:: Directions ::
Output only the lines below from the one containing "(* (A1): U continuously" to the one containing "have m_le_L := le_monotone_lipschitz", exactly as written, both ends kept.

:: Working data ::
(* Let $U:\mathbb{R}^d\to\mathbb{R}$ satisfy: (A1) $U$ is continuously differentiable and $\|\nabla U(x)-\nabla U(y)\|_2\le L\|x-y\|_2$ for all $x,y$, for some $L>0$; (A3) there exist $m,R>0$ such that for all $x,y\in\mathbb{R}^d$ with $\|x-y\|_2>R$, $\langle\nabla U(x)-\nabla U(y),x-y\rangle\ge m\|x-y\|_2^2$. Let $\kappa=L/m$ and $c=1000$. Let $x,y,w\in\mathbb{R}^d$, $z=x-y$, and $\nabla=\nabla U(x)-\nabla U(y)$. If $\|z\|_2^2+\|z+w\|_2^2\ge2.2R^2$, then $$\left\langle\begin{pmatrix}z\\ z+w\end{pmatrix},\begin{pmatrix}w\\ -w-\frac1{c\kappa L}\nabla\end{pmatrix}\right\rangle\le-\frac1{3(c\kappa)^2}\big(\|z\|_2^2+\|z+w\|_2^2\big).$$ *)

From HB Require Import structures.
From mathcomp Require Import all_boot all_order all_algebra.
From mathcomp Require Import all_classical all_reals all_analysis.
Set Implicit Arguments. Unset Strict Implicit. Unset Printing Implicit Defensive.
Import Order.TTheory GRing.Theory Num.Theory.
Local Open Scope ring_scope.

Definition dotv (R : ringType) (d : nat) (u v : 'rV[R]_d) : R :=
  \sum_(i < d) u 0 i * v 0 i.

Definition norm2 (R : rcfType) (d : nat) (u : 'rV[R]_d) : R :=
  Num.sqrt (dotv u u).

(* Expanding the inner product, the left-hand side is
   -|w|^2 - eta <z + w, g> with eta = 1/(c kappa L) = rho/(c L), rho = m/L.
   Since |z|^2 + |z + w|^2 >= 2.2 R^2, one of z, z + w is longer than R, and
   (A3) together with the Lipschitz bound along that vector gives rho <= 1.
   If |z| > R, (A3) yields eta <z, g> >= rho^2 |z|^2 / c and Lipschitz yields
   |eta <w, g>| <= rho |z| |w| / c; the resulting quadratic form in
   (rho |z|, |w|) is below -rho^2 (|z|^2 + |z + w|^2) / (3 c^2).
   If |z| <= R, then |z + w| >= 1.09 R, so |w| >= |z + w| - R >= 0.09 R, and
   -|w|^2 absorbs |eta <z + w, g>| <= rho |z + w| R / c. *)

From HB Require Import structures.
From mathcomp Require Import all_boot all_order all_algebra.
From mathcomp Require Import all_classical all_reals all_analysis.
From mathcomp Require Import ring lra.
Set Implicit Arguments.
Unset Strict Implicit.
Unset Printing Implicit Defensive.

Import Order.TTheory GRing.Theory Num.Theory numFieldNormedType.Exports.
Local Open Scope ring_scope.
Local Open Scope classical_set_scope.

Section DotvRing.
Variables (R : nzRingType) (d : nat).
Implicit Types u v w : 'rV[R]_d.

Lemma dotvDl u v w : dotv (u + v) w = dotv u w + dotv v w.
Proof. by rewrite /dotv -big_split; apply: eq_bigr => i _; rewrite !mxE mulrDl. Qed.

Lemma dotvDr u v w : dotv u (v + w) = dotv u v + dotv u w.
Proof. by rewrite /dotv -big_split; apply: eq_bigr => i _; rewrite !mxE mulrDr. Qed.

Lemma dotvNr u v : dotv u (- v) = - dotv u v.
Proof. by rewrite /dotv -sumrN; apply: eq_bigr => i _; rewrite !mxE mulrN. Qed.

Lemma dotvZl k u v : dotv (k *: u) v = k * dotv u v.
Proof. by rewrite /dotv mulr_sumr; apply: eq_bigr => i _; rewrite !mxE mulrA. Qed.

Lemma dotv0r u : dotv u 0 = 0.
Proof. by rewrite /dotv big1 // => i _; rewrite mxE mulr0. Qed.

End DotvRing.

Section DotvComRing.
Variables (R : comNzRingType) (d : nat).
Implicit Types u v : 'rV[R]_d.

Lemma dotvC u v : dotv u v = dotv v u.
Proof. by apply: eq_bigr => i _; rewrite mulrC. Qed.

Lemma dotvZr k u v : dotv u (k *: v) = k * dotv u v.
Proof. by rewrite dotvC dotvZl dotvC. Qed.

End DotvComRing.

Section DotvReal.
Variables (R : realDomainType) (d : nat).
Implicit Types u v : 'rV[R]_d.

Lemma dotv_ge0 u : 0 <= dotv u u.
Proof. by apply: sumr_ge0 => i _; rewrite -expr2 sqr_ge0. Qed.

Lemma dotv_eq0 u : (dotv u u == 0) = (u == 0).
Proof.
apply/idP/eqP => [|->]; last by rewrite dotv0r.
rewrite psumr_eq0 => [/allP u0|i _]; last by rewrite -expr2 sqr_ge0.
apply/rowP => i; rewrite mxE; apply/eqP.
by have /implyP/(_ isT) := u0 i (mem_index_enum _); rewrite mulf_eq0 orbb.
Qed.

Lemma dotv_sqr_le u v : dotv u v ^+ 2 <= dotv u u * dotv v v.
Proof.
have [->|v_neq0] := eqVneq v 0; first by rewrite !dotv0r expr0n mulr0.
have v_gt0 : 0 < dotv v v by rewrite lt_def dotv_eq0 v_neq0 dotv_ge0.
(* 0 <= |(v.v) u - (u.v) v|^2 = (v.v) ((u.u) (v.v) - (u.v)^2) *)
have := dotv_ge0 (dotv v v *: u - dotv u v *: v).
rewrite dotvDl !dotvDr -!scaleNr !dotvZl !dotvZr (dotvC v u) => expand_ge0.
have : 0 <= dotv v v * (dotv u u * dotv v v - dotv u v ^+ 2) by nra.
by rewrite pmulr_rge0 // subr_ge0.
Qed.

End DotvReal.

Section Norm2.
Variables (R : rcfType) (d : nat).
Implicit Types u v : 'rV[R]_d.

Lemma norm2_ge0 u : 0 <= norm2 u.
Proof. exact: sqrtr_ge0. Qed.

Lemma norm2_sqr u : norm2 u ^+ 2 = dotv u u.
Proof. by rewrite sqr_sqrtr // dotv_ge0. Qed.

Lemma norm_dotv_le u v : `|dotv u v| <= norm2 u * norm2 v.
Proof.
rewrite -sqrtr_sqr /norm2 -sqrtrM ?dotv_ge0 //.
by rewrite ler_sqrt ?dotv_sqr_le // mulr_ge0 // dotv_ge0.
Qed.

Lemma ler_norm2D u v : norm2 (u + v) <= norm2 u + norm2 v.
Proof.
rewrite -(ler_pXn2r (n:=2)) ?nnegrE ?addr_ge0 ?norm2_ge0 //.
rewrite norm2_sqr dotvDl !dotvDr (dotvC v u) sqrrD !norm2_sqr.
have := norm_dotv_le u v; have := ler_norm (dotv u v); nra.
Qed.

End Norm2.

Lemma le_monotone_lipschitz (R : rcfType) (d : nat) (m L : R) (v g : 'rV[R]_d) :
  m * norm2 v ^+ 2 <= dotv g v -> norm2 g <= L * norm2 v -> 0 < norm2 v ->
  m <= L.
Proof.
move=> monotone lipschitz v_gt0.
have gv_le : dotv g v <= L * norm2 v ^+ 2.
  apply: le_trans (ler_norm _) _; apply: le_trans (norm_dotv_le g v) _.
  by rewrite expr2 mulrA ler_wpM2r ?norm2_ge0.
by rewrite -(ler_pM2r (exprn_gt0 2 v_gt0)) (le_trans monotone).
Qed.

Lemma far_range_estimate (R : realFieldType) (rho a b nu : R) :
  0 < rho <= 1 -> 0 <= a -> 0 <= b -> 0 <= nu <= a + b ->
  - b ^+ 2 - (rho ^+ 2 * a ^+ 2 - rho * a * b) / 1000
    <= - (rho ^+ 2 / (3 * 1000 ^+ 2)) * (a ^+ 2 + nu ^+ 2).
Proof.
move=> /andP[rho_gt0 rho_le1] a_ge0 b_ge0 /andP[nu_ge0 nu_le].
have rhonu_le : rho * nu <= rho * a + b by nra.
have rhonu_ge0 : 0 <= rho * nu by rewrite mulr_ge0 // ltW.
have rhonu2_le : (rho * nu) ^+ 2 <= (rho * a + b) ^+ 2.
  by rewrite ler_pXn2r // nnegrE (le_trans rhonu_ge0).
have := sqr_ge0 (rho * a - b).
have := sqr_ge0 b; have := sqr_ge0 (rho * a).
nra.
Qed.

Lemma near_range_estimate (R : realFieldType) (rho a b nu r : R) :
  0 < rho <= 1 -> 0 <= a <= r -> 0 <= b -> 0 <= nu <= a + b ->
  22 / 10 * r ^+ 2 <= a ^+ 2 + nu ^+ 2 ->
  - b ^+ 2 + rho * nu * r / 1000 <= - (rho ^+ 2 / (3 * 1000 ^+ 2)) * (a ^+ 2 + nu ^+ 2).
Proof.
move=> /andP[rho_gt0 rho_le1] /andP[a_ge0 a_le] b_ge0 /andP[nu_ge0 nu_le] large.
have r_ge0 : 0 <= r := le_trans a_ge0 a_le.
have a2_le : a ^+ 2 <= r ^+ 2 by rewrite ler_pXn2r.
(* nu ^+ 2 >= 1.2 r ^+ 2 > (1.09 r) ^+ 2, so b >= nu - a >= 0.09 r *)
have nu_ge : 109 / 100 * r <= nu.
  have [//|nu_lt] := leP (109 / 100 * r) nu; exfalso.
  have : nu ^+ 2 < (109 / 100 * r) ^+ 2 by rewrite ltr_pXn2r // nnegrE; lra.
  nra.
pose t := nu - r.
have t_ge : 9 / 100 * r <= t by rewrite /t; lra.
have t2_le : t ^+ 2 <= b ^+ 2 by rewrite ler_pXn2r ?nnegrE // /t; lra.
have drift_le : rho * nu * r <= nu * r by rewrite -mulrA ler_piMl ?mulr_ge0 // ltW.
have sum_le : rho ^+ 2 * (a ^+ 2 + nu ^+ 2) <= r ^+ 2 + nu ^+ 2.
  have : rho ^+ 2 * (a ^+ 2 + nu ^+ 2) <= a ^+ 2 + nu ^+ 2.
    by rewrite ler_piMl ?addr_ge0 ?sqr_ge0 // expr_le1 // ltW.
  lra.
have rr_le : 9 / 100 * r * r <= t * r by nra.
have rt_le : 9 / 100 * r * t <= t * t by nra.
have nuE : nu = r + t by rewrite /t; ring.
nra.
Qed.

Section ContractionBounds.
Variables (R : rcfType) (d : nat) (m L : R) (z w g : 'rV[R]_d).
Hypotheses (m_gt0 : 0 < m) (m_le_L : m <= L).

Let L_gt0 : 0 < L. Proof. exact: lt_le_trans m_le_L. Qed.

Let rho_range : 0 < m / L <= 1.
Proof. by rewrite divr_gt0 // ler_pdivrMr // mul1r m_le_L. Qed.

Let eta_gt0 : 0 < m / L / (1000 * L).
Proof. by apply: divr_gt0; [exact: divr_gt0 | apply: mulr_gt0; rewrite ?ltr0n]. Qed.

Lemma far_range_bound :
  m * norm2 z ^+ 2 <= dotv g z -> norm2 g <= L * norm2 z ->
  - norm2 w ^+ 2 - m / L / (1000 * L) * dotv (z + w) g
    <= - ((m / L) ^+ 2 / (3 * 1000 ^+ 2)) * (norm2 z ^+ 2 + norm2 (z + w) ^+ 2).
Proof.
move=> monotone lipschitz.
have wg_le : - dotv w g <= norm2 w * (L * norm2 z).
  apply: ler_normlW; rewrite normrN.
  exact: le_trans (norm_dotv_le w g) (ler_wpM2l (norm2_ge0 w) lipschitz).
have drift_ge : ((m / L) ^+ 2 * norm2 z ^+ 2 - m / L * norm2 z * norm2 w) / 1000
    <= m / L / (1000 * L) * dotv (z + w) g.
  have -> : ((m / L) ^+ 2 * norm2 z ^+ 2 - m / L * norm2 z * norm2 w) / 1000
      = m / L / (1000 * L) * (m * norm2 z ^+ 2 - norm2 w * (L * norm2 z)).
    by field; rewrite gt_eqF.
  rewrite ler_wpM2l ?(ltW eta_gt0) // dotvDl (dotvC z); lra.
apply: le_trans (far_range_estimate rho_range (norm2_ge0 z) (norm2_ge0 w) _).
  lra.
by rewrite norm2_ge0 ler_norm2D.
Qed.

Lemma near_range_bound (r : R) :
  norm2 z <= r -> norm2 g <= L * norm2 z ->
  22 / 10 * r ^+ 2 <= norm2 z ^+ 2 + norm2 (z + w) ^+ 2 ->
  - norm2 w ^+ 2 - m / L / (1000 * L) * dotv (z + w) g
    <= - ((m / L) ^+ 2 / (3 * 1000 ^+ 2)) * (norm2 z ^+ 2 + norm2 (z + w) ^+ 2).
Proof.
move=> z_le lipschitz large.
have g_le : norm2 g <= L * r := le_trans lipschitz (ler_wpM2l (ltW L_gt0) z_le).
have drift_ge : - (m / L * norm2 (z + w) * r / 1000)
    <= m / L / (1000 * L) * dotv (z + w) g.
  have -> : m / L * norm2 (z + w) * r / 1000
      = m / L / (1000 * L) * (norm2 (z + w) * (L * r)).
    by field; rewrite gt_eqF.
  rewrite -mulrN ler_wpM2l ?(ltW eta_gt0) //; apply: lerNnormlW.
  exact: le_trans (norm_dotv_le _ _) (ler_wpM2l (norm2_ge0 _) g_le).
apply: le_trans (near_range_estimate rho_range _ (norm2_ge0 w) _ large).
- lra.
- by rewrite norm2_ge0 z_le.
- by rewrite norm2_ge0 ler_norm2D.
Qed.

End ContractionBounds.

Theorem lemma16 (R : realType) (d : nat) (U : 'rV[R]_d -> R)
  (gradU : 'rV[R]_d -> 'rV[R]_d) (L m Rr : R) :
  (* (A1): U continuously differentiable with gradient gradU, L-Lipschitz *)
  (forall x, differentiable U x) ->
  (forall x v, 'd U x v = dotv (gradU x) v) ->
  continuous gradU ->
  0 < L ->
  (forall x y, norm2 (gradU x - gradU y) <= L * norm2 (x - y)) ->
  (* (A3) *)
  0 < m -> 0 < Rr ->
  (forall x y, Rr < norm2 (x - y) ->
     m * norm2 (x - y) ^+ 2 <= dotv (gradU x - gradU y) (x - y)) ->
  forall x y w : 'rV[R]_d,
  let z := x - y in
  let g := gradU x - gradU y in
  let kappa := L / m in
  let c : R := 1000 in
  22 / 10 * Rr ^+ 2 <= norm2 z ^+ 2 + norm2 (z + w) ^+ 2 ->
  dotv z w + dotv (z + w) (- w - (c * kappa * L)^-1 *: g)
    <= - (3 * (c * kappa) ^+ 2)^-1 * (norm2 z ^+ 2 + norm2 (z + w) ^+ 2).
Proof.
move=> _ _ _ L_gt0 lipschitz m_gt0 Rr_gt0 monotone x y w z g kappa c large.
have -> : (c * kappa * L)^-1 = m / L / (1000 * L).
  by rewrite /c /kappa; field; rewrite !gt_eqF.
have -> : (3 * (c * kappa) ^+ 2)^-1 = (m / L) ^+ 2 / (3 * 1000 ^+ 2).
  by rewrite /c /kappa; field; rewrite !gt_eqF.
have -> : dotv z w + dotv (z + w) (- w - m / L / (1000 * L) *: g)
    = - norm2 w ^+ 2 - m / L / (1000 * L) * dotv (z + w) g.
  by rewrite dotvDr !dotvNr dotvZr (dotvDl z w w) -norm2_sqr; ring.
have lipschitz_z : norm2 g <= L * norm2 z := lipschitz x y.
have [far|near] := ltP Rr (norm2 z).
- have monotone_z := monotone x y far.
  have m_le_L := le_monotone_lipschitz monotone_z lipschitz_z (lt_trans Rr_gt0 far).
  exact (far_range_bound w m_gt0 m_le_L monotone_z lipschitz_z).
- have far_zw : Rr < norm2 (z + w).
    rewrite ltNge; apply/negP => zw_le.
    have := norm2_ge0 z; have := norm2_ge0 (z + w); nra.
  have m_le_L : m <= L.
    have := monotone (z + w + y) y; rewrite addrK => /(_ far_zw) monotone_zw.
    have := lipschitz (z + w + y) y; rewrite addrK => lipschitz_zw.
    exact: le_monotone_lipschitz monotone_zw lipschitz_zw (lt_trans Rr_gt0 far_zw).
  exact (near_range_bound m_gt0 m_le_L near lipschitz_z large).
Qed.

:: Exercise answer ::
  (* (A1): U continuously differentiable with gradient gradU, L-Lipschitz *)
  (forall x, differentiable U x) ->
  (forall x v, 'd U x v = dotv (gradU x) v) ->
  continuous gradU ->
  0 < L ->
  (forall x y, norm2 (gradU x - gradU y) <= L * norm2 (x - y)) ->
  (* (A3) *)
  0 < m -> 0 < Rr ->
  (forall x y, Rr < norm2 (x - y) ->
     m * norm2 (x - y) ^+ 2 <= dotv (gradU x - gradU y) (x - y)) ->
  forall x y w : 'rV[R]_d,
  let z := x - y in
  let g := gradU x - gradU y in
  let kappa := L / m in
  let c : R := 1000 in
  22 / 10 * Rr ^+ 2 <= norm2 z ^+ 2 + norm2 (z + w) ^+ 2 ->
  dotv z w + dotv (z + w) (- w - (c * kappa * L)^-1 *: g)
    <= - (3 * (c * kappa) ^+ 2)^-1 * (norm2 z ^+ 2 + norm2 (z + w) ^+ 2).
Proof.
move=> _ _ _ L_gt0 lipschitz m_gt0 Rr_gt0 monotone x y w z g kappa c large.
have -> : (c * kappa * L)^-1 = m / L / (1000 * L).
  by rewrite /c /kappa; field; rewrite !gt_eqF.
have -> : (3 * (c * kappa) ^+ 2)^-1 = (m / L) ^+ 2 / (3 * 1000 ^+ 2).
  by rewrite /c /kappa; field; rewrite !gt_eqF.
have -> : dotv z w + dotv (z + w) (- w - m / L / (1000 * L) *: g)
    = - norm2 w ^+ 2 - m / L / (1000 * L) * dotv (z + w) g.
  by rewrite dotvDr !dotvNr dotvZr (dotvDl z w w) -norm2_sqr; ring.
have lipschitz_z : norm2 g <= L * norm2 z := lipschitz x y.
have [far|near] := ltP Rr (norm2 z).
- have monotone_z := monotone x y far.
  have m_le_L := le_monotone_lipschitz monotone_z lipschitz_z (lt_trans Rr_gt0 far).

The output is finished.